Neuropsychiatry Unit, National Institute of Neurology and Neurosurgery of Mexico, Insurgentes Sur No. 3877 ZC, 14269 Mexico, Mexico; Department of Neurology, National Institute of Neurology and Neurosurgery of Mexico, Insurgentes Sur No. 3877 ZC, 14269 Mexico, Mexico.

出版信息

Gen Hosp Psychiatry. 2020 May-Jun;64:50-55. doi: 10.1016/j.genhosppsych.2020.03.003. Epub 2020 Mar 14.

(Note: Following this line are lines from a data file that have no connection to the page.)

(* Put s = e^t, W(s) = s^(n-k) v'(s)^k, A = n - 2k - k tau, B = q tau and
     eta = ln W(e^t) - A t - k ln tau,   zeta = B t + q ln (-v(e^t)),
   so that y = tau^k e^eta and z = lam e^zeta.  The equation reads W' = lam s^(n-1) (-v)^q > 0
   with W(0+) = 0, so v' has a constant sign and (eta, zeta) solves
     eta' = A (e^(zeta - eta) - 1),   zeta' = B (1 -+ e^(eta/k - zeta/q)),
   with - when v' > 0 and + when v' < 0.  With + the orbit stays above a line
   eta = gam zeta + C, which forces zeta to blow up in finite time; hence v' > 0.  With -,
   the bounds lam s^n (-v)^q / n <= W <= lam s^n / n put the orbit, near t = -oo, in the cone
   eta < zeta < th eta with th = (A + tau) / (2 A); the cone is invariant because
   (A - tau)^2 >= 8 A, which is the condition q >= q_JL.  In the cone eta and zeta increase
   and tend to 0, so y and z increase together and (y, z) tends to (tau^k, lam) = O_2. *)

From Stdlib Require Import Reals Lra Lia Psatz Classical ClassicalEpsilon.
Open Scope R_scope.

Lemma derivable_pt_lim_eq_deriv (f : R -> R) x l l' :
  l = l' -> derivable_pt_lim f x l -> derivable_pt_lim f x l'.
Proof. now intros ->. Qed.

Lemma derivable_pt_lim_exp_comp (f : R -> R) x l : derivable_pt_lim f x l ->
  derivable_pt_lim (fun t => exp (f t)) x (exp (f x) * l).
Proof. intros H. apply (derivable_pt_lim_comp f exp); [exact H | apply derivable_pt_lim_exp]. Qed.

Lemma derivable_pt_lim_ln_comp (f : R -> R) x l : 0 < f x -> derivable_pt_lim f x l ->
  derivable_pt_lim (fun t => ln (f t)) x (/ f x * l).
Proof. intros Hpos H. apply (derivable_pt_lim_comp f ln); [exact H | now apply derivable_pt_lim_ln]. Qed.

Lemma derivable_pt_lim_continuity_pt (f : R -> R) x l :
  derivable_pt_lim f x l -> continuity_pt f x.
Proof. intros H. apply derivable_continuous_pt. now exists l. Qed.

Lemma continuity_pt_pos_nbhd (f : R -> R) x : continuity_pt f x -> 0 < f x ->
  exists d, 0 < d /\ forall r, Rabs (r - x) < d -> 0 < f r.
Proof.
  intros Hc Hpos. destruct (Hc (f x) Hpos) as [d [Hd Hnear]].
  exists d; split; [exact Hd|]. intros r Hr.
  destruct (Req_dec r x) as [->|Hne]; [exact Hpos|].
  assert (Hfr : Rabs (f r - f x) < f x) by (apply (Hnear r); repeat split; auto).
  apply Rabs_def2 in Hfr. lra.
Qed.

Lemma derivable_pt_lim_sign_change (f : R -> R) x l :
  derivable_pt_lim f x l -> 0 < l -> f x = 0 ->
  exists d, 0 < d /\ (forall r, x - d < r < x -> f r < 0) /\
                     (forall r, x < r < x + d -> 0 < f r).
Proof.
  intros Hd Hl Hfx. destruct (Hd (l / 2) ltac:(lra)) as [[d Hdpos] Hquot].
  assert (Hslope : forall r, r <> x -> Rabs (r - x) < d -> l / 2 < f r / (r - x)).
  { intros r Hne Hr. specialize (Hquot (r - x) ltac:(lra) Hr).
    replace (x + (r - x)) with r in Hquot by ring. rewrite Hfx, Rminus_0_r in Hquot.
    apply Rabs_def2 in Hquot. lra. }
  exists d. split; [exact Hdpos | split]; intros r Hr.
  - specialize (Hslope r ltac:(lra) ltac:(rewrite Rabs_left; lra)).
    replace (f r) with (f r / (r - x) * (r - x)) by (field; lra). nra.
  - specialize (Hslope r ltac:(lra) ltac:(rewrite Rabs_right; lra)).
    replace (f r) with (f r / (r - x) * (r - x)) by (field; lra). nra.
Qed.

Lemma upcrossing_not_from_above (g : R -> R) m l :
  derivable_pt_lim g m l -> 0 < l -> g m = 0 -> ~ (forall r, r < m -> 0 < g r).
Proof.
  intros Hd Hl Hm Hbefore.
  destruct (derivable_pt_lim_sign_change g m l Hd Hl Hm) as [d [Hd0 [Hleft _]]].
  specialize (Hleft (m - d / 2) ltac:(lra)). specialize (Hbefore (m - d / 2) ltac:(lra)). lra.
Qed.

Lemma lt_of_derivable_pt_lim_pos (f df : R -> R) a b : a < b ->
  (forall x, a <= x <= b -> derivable_pt_lim f x (df x)) ->
  (forall x, a <= x <= b -> 0 < df x) -> f a < f b.
Proof.
  intros Hab Hd Hpos. destruct (MVT_cor2 f df a b Hab Hd) as [c [Ec Hc]].
  assert (0 < df c * (b - a)) by (apply Rmult_lt_0_compat; [apply Hpos|]; lra). lra.
Qed.

Lemma le_of_derivable_pt_lim_nonneg (f df : R -> R) a b : a <= b ->
  (forall x, a <= x <= b -> derivable_pt_lim f x (df x)) ->
  (forall x, a <= x <= b -> 0 <= df x) -> f a <= f b.
Proof.
  intros Hab Hd Hpos. destruct (Req_dec a b) as [->|Hne]; [lra|].
  destruct (MVT_cor2 f df a b ltac:(lra) Hd) as [c [Ec Hc]].
  assert (0 <= df c * (b - a)) by (apply Rmult_le_pos; [apply Hpos|]; lra). lra.
Qed.

Lemma exp_mult_INR (n : nat) x : exp (INR n * x) = exp x ^ n.
Proof.
  induction n as [|n IH]; [rewrite Rmult_0_l; apply exp_0|].
  rewrite S_INR, Rmult_plus_distr_r, exp_plus, IH, Rmult_1_l. simpl. ring.
Qed.

Lemma exp_le_compat x y : x <= y -> exp x <= exp y.
Proof.
  intros H. destruct (Rle_lt_or_eq_dec _ _ H) as [Hlt| ->]; [|lra].
  left; now apply exp_increasing.
Qed.

Lemma exp_sub1_le x : 0 <= x -> exp x - 1 <= x * exp x.
Proof.
  intros Hx. pose proof (exp_ineq1_le (- x)) as Hneg. pose proof (exp_pos x).
  assert (exp (- x) * exp x = 1) by (rewrite <- exp_plus, Rplus_opp_l; apply exp_0).
  nra.
Qed.

Lemma pow_le_one x (m : nat) : 0 <= x <= 1 -> x ^ m <= 1.
Proof. intros Hx. rewrite <- (pow1 m). now apply pow_incr. Qed.

Lemma pow_le_self x (m : nat) : 0 <= x <= 1 -> (1 <= m)%nat -> x ^ m <= x.
Proof.
  intros Hx Hm. destruct m as [|m]; [lia|]. simpl.
  pose proof (pow_le_one x m Hx). nra.
Qed.

Lemma Rpower_lt_one u p : 0 < u < 1 -> 0 < p -> Rpower u p < 1.
Proof.
  intros Hu Hp. unfold Rpower. rewrite <- exp_0. apply exp_increasing.
  assert (ln u < 0) by (rewrite <- ln_1; apply ln_increasing; lra). nra.
Qed.
(* Let $G$ be a graph of order $n$. Then $\alpha(G) \le m_G[0,\,n-\alpha(G)]$.
   Context: All graphs are finite and simple. The Laplacian matrix of $G$ is $L(G)=D(G)-A(G)$, where $D(G)$ is the diagonal matrix of vertex degrees and $A(G)$ the adjacency matrix; its eigenvalues (with multiplicity) are the Laplacian eigenvalues of $G$. For an interval $I\subseteq\mathbb{R}$, $m_G I$ denotes the number of Laplacian eigenvalues of $G$, counted with multiplicity, lying in $I$. $\alpha(G)$ denotes the independence number of $G$. *)

From HB Require Import structures.
From mathcomp Require Import all_boot all_order all_algebra.
From mathcomp Require Import polyrcf.
Set Implicit Arguments. Unset Strict Implicit. Unset Printing Implicit Defensive.
Import Order.TTheory GRing.Theory Num.Theory.
Local Open Scope ring_scope.

Definition simple_graph (T : finType) (e : rel T) : Prop :=
  symmetric e /\ irreflexive e.

Definition deg (T : finType) (e : rel T) (x : T) : nat := #|[set y | e x y]|.

Definition laplacian (R : nzRingType) (T : finType) (e : rel T) : 'M[R]_#|T| :=
  \matrix_(i, j) (if i == j then (deg e (enum_val i))%:R
                  else - (e (enum_val i) (enum_val j))%:R).

Definition independent (T : finType) (e : rel T) (S : {set T}) : bool :=
  [forall x in S, forall y in S, ~~ e x y].

Definition alpha (T : finType) (e : rel T) : nat :=
  \max_(S : {set T} | independent e S) #|S|.

(* m_G I : number of Laplacian eigenvalues (roots of the characteristic
   polynomial, counted with multiplicity) lying in the interval I. *)
Definition mG (R : rcfType) (T : finType) (e : rel T) (I : interval R) : nat :=
  let p := char_poly (laplacian R e) in
  (\sum_(x <- rootsR p | x \in I) mup x p)%N.
Arguments mG R {T} e I.

From HB Require Import structures.
From mathcomp Require Import all_boot all_order all_algebra.
From mathcomp Require Import polyrcf.
From mathcomp Require Import complex spectral sesquilinear ring lra.
Set Implicit Arguments. Unset Strict Implicit. Unset Printing Implicit Defensive.
Import Order.TTheory GRing.Theory Num.Theory.
Local Open Scope ring_scope.

(* The vertices of a maximum independent set S are pairwise non-adjacent and
   have degree at most n - alpha, so the principal submatrix of L on S is
   diagonal with entries at most n - alpha.  By Cauchy interlacing L has at
   least |S| = alpha eigenvalues at most n - alpha, and they all lie in
   [0, n - alpha] because a Laplacian has no negative eigenvalue. *)

Lemma sum_count_mem_uniq (T : eqType) (r s : seq T) (I : pred T) :
  uniq r -> {subset s <= r} ->
  (\sum_(x <- r | I x) count_mem x s)%N = count I s.
Proof.
move=> ur; elim: s => [|y s IH] sr /=; first by rewrite big1.
rewrite big_split /= IH; last by move=> z zs; apply: sr; rewrite inE zs orbT.
congr (_ + _)%N; rewrite big_mkcond (bigD1_seq y) ?sr ?mem_head //= eqxx.
rewrite big1 ?addn0; first by case: (I y).
by move=> z /negbTE; rewrite eq_sym => ->; case: (I z).
Qed.

Lemma sum_mup_rootsR_prod_XsubC (R : rcfType) n (r : 'I_n -> R) (I : pred R) :
  let p := \prod_(i < n) ('X - (r i)%:P) in
  (\sum_(x <- rootsR p | I x) mup x p)%N = #|[set i | I (r i)]|.
Proof.
rewrite /=; set s := [seq r i | i <- enum 'I_n].
have -> : \prod_(i < n) ('X - (r i)%:P) = \prod_(y <- s) ('X - y%:P).
  by rewrite big_map big_enum.
set p := \prod_(y <- s) _; have p0 : p != 0 by rewrite monic_neq0 ?monic_prod_XsubC.
have s_roots : {subset s <= rootsR p}.
  move=> y ys; have := roots_onP (roots_on_rootsR p0) (x := y).
  by rewrite /= => <- //; rewrite /p root_prod_XsubC.
under eq_bigr do rewrite mu_prod_XsubC.
rewrite sum_count_mem_uniq //; last exact/lt_sorted_uniq/sorted_roots.
rewrite count_map -sum1_count big_enum_cond /= -sum1_card.
by apply: eq_bigl => i; rewrite inE.
Qed.

Lemma char_poly_similar (F : fieldType) n (P B : 'M[F]_n) :
  P \in unitmx -> char_poly (invmx P *m B *m P) = char_poly B.
Proof.
move=> Pu; rewrite /char_poly /char_poly_mx.
have -> : 'X%:M - map_mx polyC (invmx P *m B *m P) =
  map_mx polyC (invmx P) *m ('X%:M - map_mx polyC B) *m map_mx polyC P.
  rewrite mulmxBr mulmxBl !map_mxM /= mul_mx_scalar -scalemxAl; congr (_ - _).
  by rewrite -map_mxM mulVmx // map_mx1 scalemx1.
rewrite !det_mulmx !det_map_mx mulrC mulrA -rmorphM /= -det_mulmx mulmxV //.
by rewrite det1 mul1r.
Qed.

Lemma char_poly_diag (R : comNzRingType) n (d : 'rV[R]_n) :
  char_poly (diag_mx d) = \prod_(i < n) ('X - (d 0 i)%:P).
Proof.
rewrite char_poly_trig ?diag_mx_is_trig //.
by apply: eq_bigr => i _; rewrite mxE eqxx mulr1n.
Qed.

Lemma symmetric_spectral (R : rcfType) n (M : 'M[R]_n) : M^T = M ->
  exists r : 'I_n -> R, exists2 P : 'M[R[i]]_n, P \is unitarymx &
    map_mx (real_complex R) M = invmx P *m diag_mx (\row_i real_complex R (r i)) *m P /\
    char_poly M = \prod_(i < n) ('X - (r i)%:P).
Proof.
move=> Msym; set A := map_mx (real_complex R) M.
have Ahermitian : A \is hermsymmx.
  apply: realsym_hermsym.
    by apply/is_hermitianmxP; rewrite expr0 scale1r map_mx_id // /A map_trmx Msym.
  by apply/mxOverP => i j; rewrite mxE complex_real.
have /orthomx_spectralP AE := hermitian_normalmx Ahermitian.
have /mxOverP dreal := hermitian_spectral_diag_real Ahermitian.
set P := spectralmx A in AE; set d := spectral_diag A in AE dreal.
have dE : d = \row_i real_complex R (complex.Re (d 0 i)).
  by apply/rowP => i; rewrite mxE RRe_real // dreal.
exists (fun i => complex.Re (d 0 i)), P; first exact: spectral_unitarymx.
split; first by rewrite -dE.
apply: (map_poly_inj (real_complex R)).
rewrite map_char_poly -/A AE char_poly_similar ?spectral_unit //.
rewrite char_poly_diag rmorph_prod /=; apply: eq_bigr => i _.
by rewrite map_polyXsubC /= RRe_real // dreal.
Qed.

Lemma rV_neq0_entry (R : nzRingType) n (v : 'rV[R]_n) :
  v != 0 -> exists k, v 0 k != 0.
Proof.
move=> v0; apply/existsP; apply: contraNT v0; rewrite negb_exists => /forallP v0.
by apply/eqP/rowP => k; rewrite mxE; apply/eqP; have := v0 k; rewrite negbK.
Qed.

Definition selmx (F : fieldType) n (X : {set 'I_n}) : 'M[F]_(#|X|, n) :=
  \matrix_(k, j) (j == enum_val k)%:R.

Lemma selmx_mulT (F : fieldType) n (X : {set 'I_n}) :
  selmx F X *m (selmx F X)^T = 1%:M.
Proof.
apply/matrixP => k l; rewrite !mxE (bigD1 (enum_val k)) //= big1.
  rewrite !mxE eqxx mul1r addr0 (inj_eq enum_val_inj) eq_sym.
  by case: (l == k).
by move=> j /negbTE jk; rewrite !mxE jk mul0r.
Qed.

Lemma rank_selmx (F : fieldType) n (X : {set 'I_n}) :
  \rank (selmx F X) = #|X|.
Proof.
apply/eqP; rewrite eqn_leq rank_leq_row /=.
by rewrite -{1}(mxrank1 F #|X|) -(selmx_mulT F X) mxrankM_maxl.
Qed.

Lemma mul_selmxT (F : fieldType) n (X : {set 'I_n}) (v : 'rV[F]_n) k :
  (v *m (selmx F X)^T) 0 k = v 0 (enum_val k).
Proof.
rewrite mxE (bigD1 (enum_val k)) //= big1.
  by rewrite !mxE eqxx mulr1 addr0.
by move=> j /negbTE jk; rewrite !mxE jk mulr0.
Qed.

Lemma mul_selmx_notin (F : fieldType) n (X : {set 'I_n}) (w : 'rV[F]_#|X|) j :
  j \notin X -> (w *m selmx F X) 0 j = 0.
Proof.
move=> jX; rewrite mxE big1 // => k _; rewrite mxE.
by case: eqP => [jk|]; [move: jX; rewrite jk enum_valP | rewrite mulr0].
Qed.

(* Rows supported on X form a space of dimension #|X|, and the conditions
   (x Q)_j = 0 for j in Y cut out at most #|Y| dimensions of it. *)
Lemma exists_supported_row_mul_vanishing (F : fieldType) n
    (X Y : {set 'I_n}) (Q : 'M[F]_n) :
  (#|Y| < #|X|)%N -> exists x : 'rV[F]_n, [/\ x != 0,
     forall j, j \notin X -> x 0 j = 0 &
     forall j, j \in Y -> (x *m Q) 0 j = 0].
Proof.
move=> ltYX; set K := (selmx F X :&: kermx (Q *m (selmx F Y)^T))%MS.
have K0 : K != 0.
  rewrite -mxrank_eq0; apply: contraTneq ltYX => rankK0.
  have := mxrank_mul_ker (selmx F X) (Q *m (selmx F Y)^T).
  by rewrite rank_selmx -/K rankK0 addn0 => <-; rewrite -leqNgt rank_leq_col.
exists (nz_row K); split; first by rewrite nz_row_eq0.
- move=> j jX; have /submxP [w ->] : (nz_row K <= selmx F X)%MS.
    exact: submx_trans (nz_row_sub K) (capmxSl _ _).
  exact: mul_selmx_notin.
- move=> j jY; have : (nz_row K <= kermx (Q *m (selmx F Y)^T))%MS.
    exact: submx_trans (nz_row_sub K) (capmxSr _ _).
  rewrite sub_kermx mulmxA => /eqP /rowP /(_ (enum_rank_in jY j)).
  by rewrite mul_selmxT enum_rankK_in // [in X in _ = X -> _]mxE.
Qed.

Local Open Scope sesquilinear_scope.

Lemma qformE (C : numClosedFieldType) n (A : 'M[C]_n) (x : 'rV[C]_n) :
  (x *m A *m x ^t*) 0 0 = \sum_i \sum_j x 0 i * A i j * (x 0 j)^*.
Proof.
rewrite mxE exchange_big /=; apply: eq_bigr => j _.
rewrite [(x *m A) 0 j]mxE big_distrl /=; apply: eq_bigr => i _.
by rewrite !mxE.
Qed.

Lemma dnormE (C : numClosedFieldType) n (x : 'rV[C]_n) :
  (x *m x ^t*) 0 0 = \sum_i x 0 i * (x 0 i)^*.
Proof. by rewrite mxE; apply: eq_bigr => i _; rewrite !mxE. Qed.

Lemma qform_le_diag_block (C : numClosedFieldType) n (A : 'M[C]_n)
    (X : {set 'I_n}) (c : C) (x : 'rV[C]_n) :
  {in X &, forall i j, i != j -> A i j = 0} -> {in X, forall i, A i i <= c} ->
  (forall j, j \notin X -> x 0 j = 0) ->
  (x *m A *m x ^t*) 0 0 <= c * (x *m x ^t*) 0 0.
Proof.
move=> Aoff Adiag xX; rewrite qformE dnormE mulr_sumr; apply: ler_sum => i _.
have [iX|iX] := boolP (i \in X); last by rewrite big1 => [|j _]; rewrite xX ?mul0r ?mulr0.
rewrite (bigD1 i) //= big1 ?addr0 => [|j ji]; last first.
  have [jX|jX] := boolP (j \in X); last by rewrite (xX j) // rmorph0 mulr0.
  by rewrite Aoff // 1?eq_sym // mulr0 mul0r.
rewrite mulrAC [c * _]mulrC.
by rewrite ler_wpM2l ?mul_conjC_ge0 ?Adiag.
Qed.

Lemma qform_diag_gt (C : numClosedFieldType) n (d : 'rV[C]_n) (c : C)
    (y : 'rV[C]_n) :
  (forall j, y 0 j != 0 -> c < d 0 j) -> y != 0 ->
  c * (y *m y ^t*) 0 0 < (y *m diag_mx d *m y ^t*) 0 0.
Proof.
move=> yd y0; rewrite -subr_gt0 qformE dnormE mulr_sumr -sumrB.
have [k yk] := rV_neq0_entry y0.
have termE i : \sum_j y 0 i * diag_mx d i j * (y 0 j)^* - c * (y 0 i * (y 0 i)^*)
   = (d 0 i - c) * (y 0 i * (y 0 i)^*).
  rewrite (bigD1 i) //= big1 ?addr0 => [|j ji]; last first.
    by rewrite mxE eq_sym (negbTE ji) mulr0n mulr0 mul0r.
  by rewrite mxE eqxx mulr1n mulrBl mulrAC mulrC mulrA.
under eq_bigr do rewrite termE.
rewrite (bigD1 k) //= ltr_wpDr ?sumr_ge0 // => [i _|].
  have [->|yi] := eqVneq (y 0 i) 0; first by rewrite mul0r mulr0.
  by rewrite mulr_ge0 ?mul_conjC_ge0 // subr_ge0 ltW // yd.
by rewrite mulr_gt0 ?mul_conjC_gt0 // subr_gt0 yd.
Qed.

(* A Cauchy-interlacing bound: the eigenvalues of M are compared with those of
   its principal submatrix on X through the Rayleigh quotient of a vector
   supported on X that is orthogonal to the eigenvectors with eigenvalue <= c. *)
Lemma card_le_count_eigen_le (R : rcfType) n (M : 'M[R]_n) (X : {set 'I_n})
    (c : R) :
  M^T = M ->
  {in X &, forall i j, i != j -> M i j = 0} -> {in X, forall i, M i i <= c} ->
  (#|X| <= \sum_(x <- rootsR (char_poly M) | (x <= c)%R) mup x (char_poly M))%N.
Proof.
move=> Msym Moff Mdiag; have [r [P Pu [ME ->]]] := symmetric_spectral Msym.
rewrite sum_mup_rootsR_prod_XsubC leqNgt; apply/negP => ltYX.
have [x [x0 xX xK]] := exists_supported_row_mul_vanishing (P ^t*) ltYX.
set y := x *m P ^t*; set d := \row_i real_complex R (r i).
set A := map_mx (real_complex R) M.
have PtP : P ^t* *m P = 1%:M by rewrite -invmx_unitary // mulVmx ?unitarymx_unit.
have yt : y ^t* = P *m x ^t* by rewrite /y trmx_mul map_mxM trmxCK.
have y0 : y != 0.
  apply: contraNneq x0 => y0; rewrite -[x]mulmx1 -PtP mulmxA.
  by rewrite -/y y0 mul0mx.
have qformA : (x *m A *m x ^t*) 0 0 = (y *m diag_mx d *m y ^t*) 0 0.
  by rewrite /A ME invmx_unitary // yt /y !mulmxA.
have dnormA : (x *m x ^t*) 0 0 = (y *m y ^t*) 0 0.
  by rewrite yt /y !mulmxA -(mulmxA x) PtP mulmx1.
have gt_c : real_complex R c * (x *m x ^t*) 0 0 < (x *m A *m x ^t*) 0 0.
  rewrite qformA dnormA; apply: qform_diag_gt y0 => j yj.
  rewrite mxE ltcR ltNge; apply: contra yj => rc.
  by apply/eqP; apply: xK; rewrite inE.
have le_c : (x *m A *m x ^t*) 0 0 <= real_complex R c * (x *m x ^t*) 0 0.
  apply: qform_le_diag_block xX => [i j iX jX ij|i iX].
    by rewrite mxE Moff // rmorph0.
  by rewrite mxE lecR Mdiag.
by have := lt_le_trans gt_c le_c; rewrite ltxx.
Qed.

Section Laplacian.

Variables (T : finType) (e : rel T).
Hypothesis e_sym : symmetric e.

Lemma laplacian_sym (R : nzRingType) : (laplacian R e)^T = laplacian R e.
Proof.
apply/matrixP => i j; rewrite !mxE eq_sym e_sym.
by case: eqP => // ->.
Qed.

Lemma deg_sum (R : nzRingType) (v : T) :
  (deg e v)%:R = \sum_(j < #|T|) (e (enum_val j) v)%:R :> R.
Proof.
rewrite /deg -sum1_card natr_sum big_mkcond /= (big_enum_val (A := T)).
by apply: eq_bigr => j _; rewrite inE e_sym; case: (e _ _).
Qed.

Hypothesis e_irr : irreflexive e.

(* Look at a coordinate of largest modulus of an eigenvector: there the
   eigenvalue equation bounds |deg - x| by deg. *)
Lemma laplacian_eigen_ge0 (R : rcfType) (x : R) :
  root (char_poly (laplacian R e)) x -> 0 <= x.
Proof.
rewrite -eigenvalue_root_char => /eigenvalueP [v vL v0].
have [k vk] := rV_neq0_entry v0.
have [i _ imax] := @arg_maxP _ R _ k xpredT (fun i => `|v 0 i|) isT.
have vi_gt0 : 0 < `|v 0 i| by apply: lt_le_trans (imax k isT); rewrite normr_gt0.
set s := \sum_(j | j != i) v 0 j * (e (enum_val j) (enum_val i))%:R.
set dg := (deg e (enum_val i))%:R : R.
have sE : s = v 0 i * (dg - x).
  move/rowP: vL => /(_ i); rewrite !mxE (bigD1 i) //= mxE eqxx.
  rewrite (eq_bigr (fun j => - (v 0 j * (e (enum_val j) (enum_val i))%:R))).
    by rewrite sumrN -/s -/dg => vLi; rewrite mulrBr [v 0 i * x]mulrC -vLi; ring.
  by move=> j ji; rewrite mxE (negbTE ji) mulrN.
have dgE : dg = \sum_(j | j != i) (e (enum_val j) (enum_val i))%:R.
  by rewrite /dg deg_sum (bigD1 i) //= e_irr add0r.
have s_le : `|s| <= `|v 0 i| * dg.
  apply: le_trans (ler_norm_sum _ _ _) _; rewrite dgE mulr_sumr.
  apply: ler_sum => j _; rewrite normrM normr_nat.
  by apply: ler_wpM2r; [exact: ler0n | exact: imax].
move: s_le; rewrite sE normrM ler_pM2l // => dgx_le.
have := le_trans (ler_norm _) dgx_le; have : 0 <= dg by exact: ler0n.
lra.
Qed.

End Laplacian.

Lemma alpha_attained (T : finType) (e : rel T) :
  exists2 S : {set T}, independent e S & alpha e = #|S|.
Proof.
have [|S S_indep alphaE] := @eq_bigmax_cond _ (independent e) (fun S => #|S|).
  by apply/card_gt0P; exists set0; apply/forall_inP => x; rewrite inE.
by exists S; rewrite // /alpha alphaE.
Qed.

Lemma independentP (T : finType) (e : rel T) (S : {set T}) :
  independent e S -> {in S &, forall u v, e u v = false}.
Proof.
move=> /forall_inP S_indep u v uS vS.
exact/negbTE/(forall_inP (S_indep u uS)).
Qed.

Lemma deg_independent_le (T : finType) (e : rel T) (S : {set T}) (v : T) :
  independent e S -> v \in S -> (deg e v <= #|T| - #|S|)%N.
Proof.
move=> S_indep vS; rewrite -(cardsC S) addKn.
apply: subset_leq_card; apply/subsetP => u; rewrite !inE.
by apply: contraTN => uS; rewrite (independentP S_indep).
Qed.

Theorem mainTheorem1 (R : rcfType) (T : finType) (e : rel T) :
  simple_graph e ->
  (alpha e <= mG R e `[0%R : R, ((#|T| - alpha e)%N)%:R%R])%N.
Proof.
move=> [e_sym e_irr]; have [S S_indep ->] := alpha_attained e.
set c : R := (#|T| - #|S|)%:R; set p := char_poly (laplacian R e).
have -> : mG R e `[0, c] = (\sum_(x <- rootsR p | (x <= c)%R) mup x p)%N.
  rewrite /mG -/p [LHS]big_seq_cond [RHS]big_seq_cond; apply: eq_bigl => x.
  rewrite in_itv /=; case: (boolP (x \in rootsR p)) => //= /root_roots.
  by move=> /(laplacian_eigen_ge0 e_sym e_irr) ->.
rewrite -(card_imset S (@enum_rank_inj T)).
apply: card_le_count_eigen_le; first exact: laplacian_sym.
  move=> _ _ /imsetP [u uS ->] /imsetP [v vS ->] uv.
  by rewrite mxE (negbTE uv) !enum_rankK (independentP S_indep) // oppr0.
move=> _ /imsetP [v vS ->]; rewrite mxE eqxx enum_rankK ler_nat.
exact: deg_independent_le.
Qed.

DOI:10.1016/j.genhosppsych.2020.03.003
PMID:32182491
Abstract

BACKGROUND

Previous case reports showed that delirious mania could be one of the many neuropsychiatric presentations of Anti-N-methyl-d-aspartate receptor encephalitis (ANMDARE).

OBJECTIVE

To evaluate the frequency of delirious mania and its associated factors in ANMDARE.

METHOD

A prospective study, including all patients with ANMDARE admitted to the National Institute of Neurology and Neurosurgery of Mexico, from January 2014 to April 2019. The diagnosis of delirious mania was established when diagnostic criteria for mania and delirium were fulfilled simultaneously.

RESULTS

79 patients with definitive ANMDARE were included. Delirious mania was identified in 20 (25.3%) of these patients. Catatonia, psychomotor agitation, disinhibition, impulsivity, and grandiose delusions were significantly associated with delirious mania. Also, a lower frequency of EEG abnormalities, absence of extreme delta brush, and a shorter hospital stay was observed in these patients.

CONCLUSION

Delirious mania proved to be a frequent neuropsychiatric presentation of ANMDARE, and its presence should warn the physician about the possibility of this diagnosis. It was mainly associated with higher rates of catatonia, psychomotor agitation, disinhibition, and psychotic symptoms. The lack of recognition of delirious mania as a neuropsychiatric presentation in ANMDARE may be a source of diagnostic and therapeutic errors, as most physicians associate this with bipolar disorder.

摘要

背景

先前的病例报告表明,谵妄性躁狂可能是抗 N-甲基-D-天冬氨酸受体脑炎(Anti-N-methyl-d-aspartate receptor encephalitis,ANMDARE)的多种神经精神表现之一。

目的

评估 ANMDARE 中谵妄性躁狂的频率及其相关因素。

方法

一项前瞻性研究,纳入了 2014 年 1 月至 2019 年 4 月期间在墨西哥国家神经病学和神经外科研究所住院的所有 ANMDARE 患者。当满足躁狂和谵妄的诊断标准时,即可诊断为谵妄性躁狂。

结果

纳入了 79 例明确的 ANMDARE 患者,其中 20 例(25.3%)患者存在谵妄性躁狂。这些患者明显伴有紧张症、精神运动激越、行为失抑制、冲动和夸大妄想。此外,这些患者的脑电图异常频率较低、无极度德尔塔刷(extreme delta brush),且住院时间较短。

结论

谵妄性躁狂是 ANMDARE 的一种常见神经精神表现,其存在应引起医生警惕这种诊断的可能性。它主要与较高的紧张症、精神运动激越、行为失抑制和精神病症状相关。未能认识到谵妄性躁狂是 ANMDARE 的一种神经精神表现可能是诊断和治疗错误的根源,因为大多数医生将其与双相情感障碍相关联。